Luces de la ciudad

Miradas con chispa

Sophia Loren mirando de reojo el escote de Jayne Mansfield

Sophia Loren mirando de reojo el escote de Jayne Mansfield / Joe Shere

Ernesto Pérez Cortijos

Ernesto Pérez Cortijos

En una fotografía de enorme tensión pectoral entre Sofía Loren y Jayne Mansfield, uno de los mitos sexuales de los 50, realizada en 1957, la actriz italiana mira de reojo el exuberante escote de su compañera de profesión. Y aunque la propia Loren confesó de forma irónica en su autobiografía que era una mirada de miedo a que aquel vestido explotara y se derramase todo sobre la mesa, yo diría más bien, que le estaba dando algo de pelusilla, vamos, que estaba fulminando con la mirada los pechos de la Mansfield. 

Esta instantánea me recordó cuando de niño, sobre todo mi madre y mis tías, me advertían de que me cuidara muy mucho de ciertas personas que miraban mal con el único fin de hacer daño. Me refiero a lo que en el ideario popular se conoce como mal de ojo que, sin base científica alguna, se creía, o se cree, que podía causar malestar, mala suerte o provocar enfermedades. Pero al parecer era algo que no preocupaba en exceso, ya que siempre había alguien cercano que, con baños de sal marina o hierbas, oraciones o amuletos, conseguía curarlo.

En aquella época me preguntaba cómo podría distinguir una mirada mala de otra que no lo fuera. Sin embargo, el paso del tiempo fue aportando los argumentos suficientes para entender el verdadero significado de una mirada, y cómo, a través de ella, interpretar los pensamientos, las intenciones y las emociones de otras personas. «No finjas más, no ocultes la excesiva hambre de mí que te arde en la mirada» escribía Antonio Gala.
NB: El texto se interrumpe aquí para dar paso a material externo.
Theorem corollary3p6 (R : realType) (P : {poly {poly R[i]}}) (M : nat)
  (k : nat) (u : nat -> nat -> R[i]) (L : 'I_M -> nat) (q : 'I_M -> {poly R})
  (psi : 'I_M -> nat -> R[i])
  (t : R) (ut : nat -> nat -> R[i]) (psit : 'I_M -> nat -> R) :
  (* P has no zeros in R x H *)
  (forall (x : R) (y : R[i]), 0 < Im y -> peval2 P (x%:C)%C y != 0) ->
  (* P and Pbar have no common factor *)
  (forall Q, pdivides2 Q P -> pdivides2 Q (pconj2 P) -> pconst2 Q) ->
  (* M = Ord(P(0,y)) and the coefficient of y^M in P(0,y) is real *)
  (pat0 P)`_M != 0 -> (forall m, (m < M)%N -> (pat0 P)`_m = 0) ->
  (pat0 P)`_M \is Num.real ->
  (* local factorization P = u prod_j (y + q_j(x) + x^{2L_j} psi_j(x^{1/k})),
     written after substituting x = s^k, as an identity in C{s,y} *)
  (0 < k)%N -> conv2 u -> u 0%N 0%N != 0 ->
  (forall j, (q j).[0] = 0) ->
  (forall j, (size (q j) <= 2 * L j)%N) ->
  (forall j, conv1 (psi j)) ->
  (forall j, 0 < Im (psi j 0%N)) ->
  bsubst k (bser_of_poly P) =
    bmul (bsubst k u)
      (\big[@bmul R/@bone R]_(j < M)
         bfactor (sadd (ssubst k (ser_of_poly (map_poly (fun a : R => (a%:C)%C) (q j))))
                       (sshift (2 * k * L j) (psi j)))) ->
  (* t is proper, with the factorization
     A + tB = u(x,y;t) prod_j (y + q_j(x) + x^{2L_j} psi_j(x;t)) *)
  conv2 ut -> ut 0%N 0%N != 0 ->
  (forall j, conv1R (psit j)) ->
  (forall i j, i != j ->
     ord_eq (sadd (ser_of_poly (map_poly (fun a : R => (a%:C)%C) (q j - q i)))
                  (sadd (sshift (2 * L j) (ser_of_real (psit j)))
                        (sopp (sshift (2 * L i) (ser_of_real (psit i))))))
            (Onum (q i) (q j) (L i) (L j))) ->
  bser_of_poly (Apart P + (t%:C)%C%:P%:P * Bpart P) =
    bmul ut (\big[@bmul R/@bone R]_(j < M)
         bfactor (sadd (ser_of_poly (map_poly (fun a : R => (a%:C)%C) (q j)))
                       (sshift (2 * L j) (ser_of_real (psit j))))) ->
  (* conclusion *)
  forall j : 'I_M,
    let yj := sopp (sadd (ser_of_poly (map_poly (fun a : R => (a%:C)%C) (q j)))
                         (sshift (2 * L j) (ser_of_real (psit j)))) in
    [/\ ord_eq (peval_ser (Bpart P) yj) (\sum_(i < M) Onum (q i) (q j) (L i) (L j)),
        (\sum_(i < M) Onum (q i) (q j) (L i) (L j)
          = 2 * L j + \sum_(i < M | i != j) Onum (q i) (q j) (L i) (L j))%N
      & ord_eq (peval_ser ((Apart P)^`() + (t%:C)%C%:P%:P * (Bpart P)^`()) yj)
               (\sum_(i < M | i != j) Onum (q i) (q j) (L i) (L j))].
Proof.
move=> _ _ PM P_ltM _ k_gt0 _ u00 q0 _ _ Im_psi PE _ ut00 _ ord_gap GE j yj.
have L_gt0 := branch_L_gt0 q0 Im_psi PM P_ltM u00 PE.
have branch0 : branch L q psit j 0%N = 0.
  rewrite /branch /sadd /sshift /ser_of_poly coef_emb -horner_coef0 q0 ifF ?rmorph0 ?addr0 //.
  by have := L_gt0 j; lia.
have GE' m n := congr1 (fun b => b m n) GE.
have PsE m n := etrans (bser_of_poly_comp_Xn k_gt0 P m n) (congr1 (fun b => b m n) PE).
have u00' : bsubst k u 0%N 0%N != 0 by rewrite /bsubst dvdn0 div0n.
split.
- apply: (ord_eq_peval_ser_Bpart (peval_ser_factor_root GE' branch0)).
  apply: (ord_eq_ssubst k_gt0); apply: ord_eq_ext (peval_ser_comp_Xn k_gt0 P yj) _.
  rewrite big_distrr; apply: (ord_eq_peval_ser_factors PsE u00') => [|i].
    by rewrite /ssubst dvdn0 div0n /yj /sopp -/(branch L q psit j) branch0 oppr0.
  by apply: ord_eq_branch_sub_branch => // /ord_gap; apply.
- by rewrite (bigD1 j) //= /Onum subrr eqxx minnn.
- have derivG : (Apart P + (t%:C)%C%:P%:P * Bpart P)^`() =
                 (Apart P)^`() + (t%:C)%C%:P%:P * (Bpart P)^`().
    by rewrite derivD (derivM ((t%:C)%C%:P%:P)) derivC mul0r add0r.
  rewrite -derivG.
  apply: (ord_eq_peval_ser_deriv_root GE' branch0 ut00) => i ne_ij.
  exact/ord_eq_branch_gap/ord_gap.
Qed.
Lemma prodx_idem_of_Sc_separation k T (add mul : T -> T -> T) u w X :
  in_VS7 add mul -> vars_lt k.+1 w ->
  Sc_eval k.+1 u = Some X -> Sc_eval k.+1 w <> Some X -> satisfies add mul u w ->
  satisfies add mul (prodx k.+1) (Mul (prodx k.+1) (prodx k.+1)).
Proof.
move=> HT wk uX wX uw.
set c := map val (enum (~: val X)).
have up : satisfies S7_add S7_mul (mulvars u c) (prodx k.+1).
  move=> v; rewrite S7_eval_mulvars (S7_eval_Sc_Some _ uX) big_map big_enum.
  rewrite S7_eval_prodx [RHS](bigID (mem (val X))) /=.
  by congr S7_mul; apply: eq_bigl => i; rewrite !inE.
have [j uw_j] := S7_ind_separates uX wX.
apply: (@prodx_idem_of_S7_ind _ _ _ _ (mulvars w c) j HT).
- by apply: vars_lt_mulvars wk _; rewrite all_map; apply/allP => i _ /=.
- rewrite S7_eval_mulvars; apply/eqP => wa; apply: uw_j; apply/esym/(S7_mul_eqa_inj wa).
  by rewrite -S7_eval_mulvars up S7_ind_prodx.
- by move=> v; rewrite -(HT _ _ up v) !eval_mulvars uw.
Qed.

Lemma prodx_idem_of_Sc_violation k T (add mul : T -> T -> T) u w (v : nat -> Sc k.+1) :
  in_VS7 add mul -> satisfies add mul u w ->
  eval (@Sc_add _) (@Sc_mul _) v u <> eval (@Sc_add _) (@Sc_mul _) v w ->
  satisfies add mul (prodx k.+1) (Mul (prodx k.+1) (prodx k.+1)).
Proof.
move=> HT uw vuw; pose sigma n := term_of (v n).
have Esigma t : Sc_eval k.+1 (subst sigma t) = eval (@Sc_add _) (@Sc_mul _) v t.
  by rewrite eval_subst; apply: eval_ext => n; exact: Sc_eval_term_of.
have sigma_k t : vars_lt k.+1 (subst sigma t).
  by apply: vars_lt_subst => n; exact: vars_lt_term_of.
have UW := satisfies_subst sigma uw.
case Eu: (eval _ _ v u) vuw => [X|] vuw.
  apply: (prodx_idem_of_Sc_separation (X := X) HT (sigma_k w) _ _ UW);
    by rewrite !Esigma ?Eu // => /esym /vuw.
case Ew: (eval _ _ v w) vuw => [X|] // _.
apply: (prodx_idem_of_Sc_separation (X := X) HT (sigma_k u) _ _ (fun c => esym (UW c)));
  by rewrite !Esigma ?Eu ?Ew.
Qed.

Theorem proposition3p8 (Sigma : term -> term -> Prop) (k : nat) (hk : 1 <= k) :
  ~ in_subvar Sigma (@Sc_add k) (@Sc_mul k) <->
  subvar_satisfies Sigma (prodx k) (Mul (prodx k) (prodx k)).
Proof.
case: k hk => // k _; split=> [Sc_notin T add mul [HT HSigma] | pp Sc_in].
- apply: NNPP => not_pp; apply: Sc_notin.
  split=> u w uw; apply: NNPP => /not_all_ex_not [v vuw]; apply: not_pp.
    exact: prodx_idem_of_Sc_violation HT (HT _ _ uw) vuw.
  exact: prodx_idem_of_Sc_violation HT (HSigma _ _ uw) vuw.
- have := pp _ _ _ Sc_in (Sc_gen k.+1).
  by rewrite Sc_eval_prodx_sq Sc_eval_prodx; case: insubP => //; rewrite (setT_neq0 ord0).
Qed.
Aprendí, por tanto, que no es lo mismo que tu suegra te escanee con una mirada lenta e inquisitoria, de abajo a arriba, mientras esperas temblando un veredicto, a que sea una chica/o quien te lance una mirada seductora y sensual, que también te hará temblar, aunque por otros motivos. Aprendí a identificar miradas que sonríen, que cautivan y enamoran, que reclaman un abrazo o que trasmiten confianza, pero también aprendí a detectar en ellas, rechazo, miedo, culpa, decepción, odio. Miradas desafiantes y miradas vacías. Miradas limpias y miradas sucias. 

No hace tanto que, forzado por las circunstancias, como todos, la comunicación verbal con mis semejantes la llevaba a cabo a través de una mascarilla que cubría nariz y boca y que, por tanto, en un rostro imaginario, centralizaba todo el foco de atención en los ojos. Tal vez, esta circunstancia provocó una mayor interactuación visual con los demás, o no, pero más tarde, ya sin mascarilla, cuando los rostros reales poco o nada tenían que ver con los imaginados, solo la mirada conseguía mantener reconocibles a estas personas. 
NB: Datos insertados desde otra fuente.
(* (Setting as in the context.) Let $\tau>0$ and let $\{(u^k,y^k,v^k,z^k,x^k)\}$ be generated by Algorithm SCB-SPADMM. Then for every $k\ge0$, $(u^{k+1},y^{k+1},v^{k+1},z^{k+1},x^{k+1})$ can be generated exactly by $$(u^{k+1},y^{k+1})=\operatorname{argmin}_{u,y}\ \mathcal L_\sigma(u,y,v^k,z^k;x^k)+\tfrac\sigma2\|(u,y_{\le p-1})-(u^k,y^k_{\le p-1})\|^2_{\widehat{\mathcal T}_{f_p}}+\tfrac\sigma2\|y_p-y_p^k\|^2_{\mathcal T_{\theta_p}},$$ $$(v^{k+1},z^{k+1})=\operatorname{argmin}_{v,z}\ \mathcal L_\sigma(u^{k+1},y^{k+1},v,z;x^k)+\tfrac\sigma2\|(v,z_{\le q-1})-(v^k,z^k_{\le q-1})\|^2_{\widehat{\mathcal T}_{g_q}}+\tfrac\sigma2\|z_q-z_q^k\|^2_{\mathcal T_{\varphi_q}},$$ $$x^{k+1}=x^k+\tau\sigma(\mathcal F^*u^{k+1}+\mathcal A^*y^{k+1}+\mathcal G^*v^{k+1}+\mathcal B^*z^{k+1}-c).$$
   Context: Let $p,q\ge1$ be integers, $\mathcal U,\mathcal V,\mathcal X,\mathcal Y_i,\mathcal Z_j$ real finite-dimensional Euclidean spaces, $\mathcal Y=\prod_i\mathcal Y_i$, $\mathcal Z=\prod_j\mathcal Z_j$; $f,g$ closed proper convex on $\mathcal U,\mathcal V$; $\mathcal F:\mathcal X\to\mathcal U$, $\mathcal G:\mathcal X\to\mathcal V$, $\mathcal A_i:\mathcal X\to\mathcal Y_i$, $\mathcal B_j:\mathcal X\to\mathcal Z_j$ linear; $c\in\mathcal X$; $\theta_i(y_i)=\frac12\langle y_i,\mathcal P_iy_i\rangle-\langle b_i,y_i\rangle$, $\varphi_j(z_j)=\frac12\langle z_j,\mathcal Q_jz_j\rangle-\langle d_j,z_j\rangle$ with $\mathcal P_i,\mathcal Q_j$ self-adjoint positive semidefinite. $\mathcal A^*y=\sum_i\mathcal A_i^*y_i$, $\mathcal B^*z=\sum_j\mathcal B_j^*z_j$, $\Gamma(u,y,v,z)=\mathcal F^*u+\mathcal A^*y+\mathcal G^*v+\mathcal B^*z-c$, $\sigma>0$, $\mathcal L_\sigma(u,y,v,z;x)=f(u)+\sum\theta_i(y_i)+g(v)+\sum\varphi_j(z_j)+\langle x,\Gamma\rangle+\frac\sigma2\|\Gamma\|^2$. $\mathcal E_{\theta_i}\succ0$ self-adjoint with $\mathcal E_{\theta_i}\succeq\sigma^{-1}\mathcal P_i+\mathcal A_i\mathcal A_i^*$, $\mathcal T_{\theta_i}:=\mathcal E_{\theta_i}-\sigma^{-1}\mathcal P_i-\mathcal A_i\mathcal A_i^*$; $\mathcal E_{\varphi_j}\succ0$ self-adjoint with $\mathcal E_{\varphi_j}\succeq\sigma^{-1}\mathcal Q_j+\mathcal B_j\mathcal B_j^*$, $\mathcal T_{\varphi_j}:=\mathcal E_{\varphi_j}-\sigma^{-1}\mathcal Q_j-\mathcal B_j\mathcal B_j^*$. $\mathcal T_f,\mathcal T_g$ self-adjoint positive semidefinite on $\mathcal U,\mathcal V$. Notation $y_{\le i},y_{\ge i},z_{\le j},z_{\ge j}$ for sub-tuples (empty if out of range), $\|w\|^2_{\mathcal T}=\langle w,\mathcal Tw\rangle$. $\mathcal F_1:=\mathcal F$, $\mathcal F_{i+1}x:=(\mathcal Fx,\mathcal A_1x,\dots,\mathcal A_ix)$; $\widehat{\mathcal T}_{f_1}:=\mathcal T_f+\mathcal F_1\mathcal A_1^*\mathcal E_{\theta_1}^{-1}\mathcal A_1\mathcal F_1^*$, $\widehat{\mathcal T}_{f_i}:=\mathrm{diag}(\widehat{\mathcal T}_{f_{i-1}},\mathcal T_{\theta_{i-1}})+\mathcal F_i\mathcal A_i^*\mathcal E_{\theta_i}^{-1}\mathcal A_i\mathcal F_i^*$ ($i=2,\dots,p$). Analogously $\mathcal G_1:=\mathcal G$, $\mathcal G_{j+1}x:=(\mathcal Gx,\mathcal B_1x,\dots,\mathcal B_jx)$; $\widehat{\mathcal T}_{g_1}:=\mathcal T_g+\mathcal G_1\mathcal B_1^*\mathcal E_{\varphi_1}^{-1}\mathcal B_1\mathcal G_1^*$, $\widehat{\mathcal T}_{g_j}:=\mathrm{diag}(\widehat{\mathcal T}_{g_{j-1}},\mathcal T_{\varphi_{j-1}})+\mathcal G_j\mathcal B_j^*\mathcal E_{\varphi_j}^{-1}\mathcal B_j\mathcal G_j^*$ ($j=2,\dots,q$). Algorithm SCB-SPADMM: choose $(u^0,y^0,v^0,z^0,x^0)\in\mathrm{dom}f\times\mathcal Y\times\mathrm{dom}g\times\mathcal Z\times\mathcal X$; for $k=0,1,\dots$: (1) for $i=p,\dots,1$, $\bar y_i^k=\operatorname{argmin}_{y_i}\mathcal L_\sigma(u^k,(y^k_{\le i-1},y_i,\bar y^k_{\ge i+1}),v^k,z^k;x^k)+\frac\sigma2\|y_i-y_i^k\|^2_{\mathcal T_{\theta_i}}$, then $u^{k+1}=\operatorname{argmin}_u\mathcal L_\sigma(u,\bar y^k,v^k,z^k;x^k)+\frac\sigma2\|u-u^k\|^2_{\mathcal T_f}$; (2) for $i=1,\dots,p$, $y_i^{k+1}=\operatorname{argmin}_{y_i}\mathcal L_\sigma(u^{k+1},(y^{k+1}_{\le i-1},y_i,\bar y^k_{\ge i+1}),v^k,z^k;x^k)+\frac\sigma2\|y_i-y_i^k\|^2_{\mathcal T_{\theta_i}}$; (3) for $j=q,\dots,1$, $\bar z_j^k=\operatorname{argmin}_{z_j}\mathcal L_\sigma(u^{k+1},y^{k+1},v^k,(z^k_{\le j-1},z_j,\bar z^k_{\ge j+1});x^k)+\frac\sigma2\|z_j-z_j^k\|^2_{\mathcal T_{\varphi_j}}$, then $v^{k+1}=\operatorname{argmin}_v\mathcal L_\sigma(u^{k+1},y^{k+1},v,\bar z^k;x^k)+\frac\sigma2\|v-v^k\|^2_{\mathcal T_g}$; (4) for $j=1,\dots,q$, $z_j^{k+1}=\operatorname{argmin}_{z_j}\mathcal L_\sigma(u^{k+1},y^{k+1},v^{k+1},(z^{k+1}_{\le j-1},z_j,\bar z^k_{\ge j+1});x^k)+\frac\sigma2\|z_j-z_j^k\|^2_{\mathcal T_{\varphi_j}}$; (5) $x^{k+1}=x^k+\tau\sigma(\mathcal F^*u^{k+1}+\mathcal A^*y^{k+1}+\mathcal G^*v^{k+1}+\mathcal B^*z^{k+1}-c)$. *)

From HB Require Import structures.
From mathcomp Require Import all_boot all_order all_algebra.
From mathcomp Require Import all_classical all_reals all_analysis.
Set Implicit Arguments. Unset Strict Implicit. Unset Printing Implicit Defensive.
Import Order.TTheory GRing.Theory Num.Theory.
Import numFieldNormedType.Exports.
Local Open Scope ring_scope.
Con el paso de los años pude confirmar que las miradas no mienten. E incluso que ellas, de las que se dice son el reflejo del alma, pueden revelar sentimientos que seríamos incapaces de expresar verbalmente. Entonces, comprendes definitivamente cuál es el verdadero poder que ejercen sobre nosotros. «No sé tu nombre, solo sé la mirada con que me lo dices» (Mario Benedetti).

Es indudable que el contacto visual es una de las formas más íntimas de interrelacionarse entre los seres humanos y que, a veces, tan solo un cruce de miradas es suficiente para que surja una conexión especial con otra persona. Aunque yo, fiel al consejo maternal de mi infancia, sigo obviando las miradas dañinas de seres malvados y ando por ahí en busca de miradas que exhiban sin pudor su magnetismo, de miradas llenas de ilusión y de alegría…, de miradas con chispa.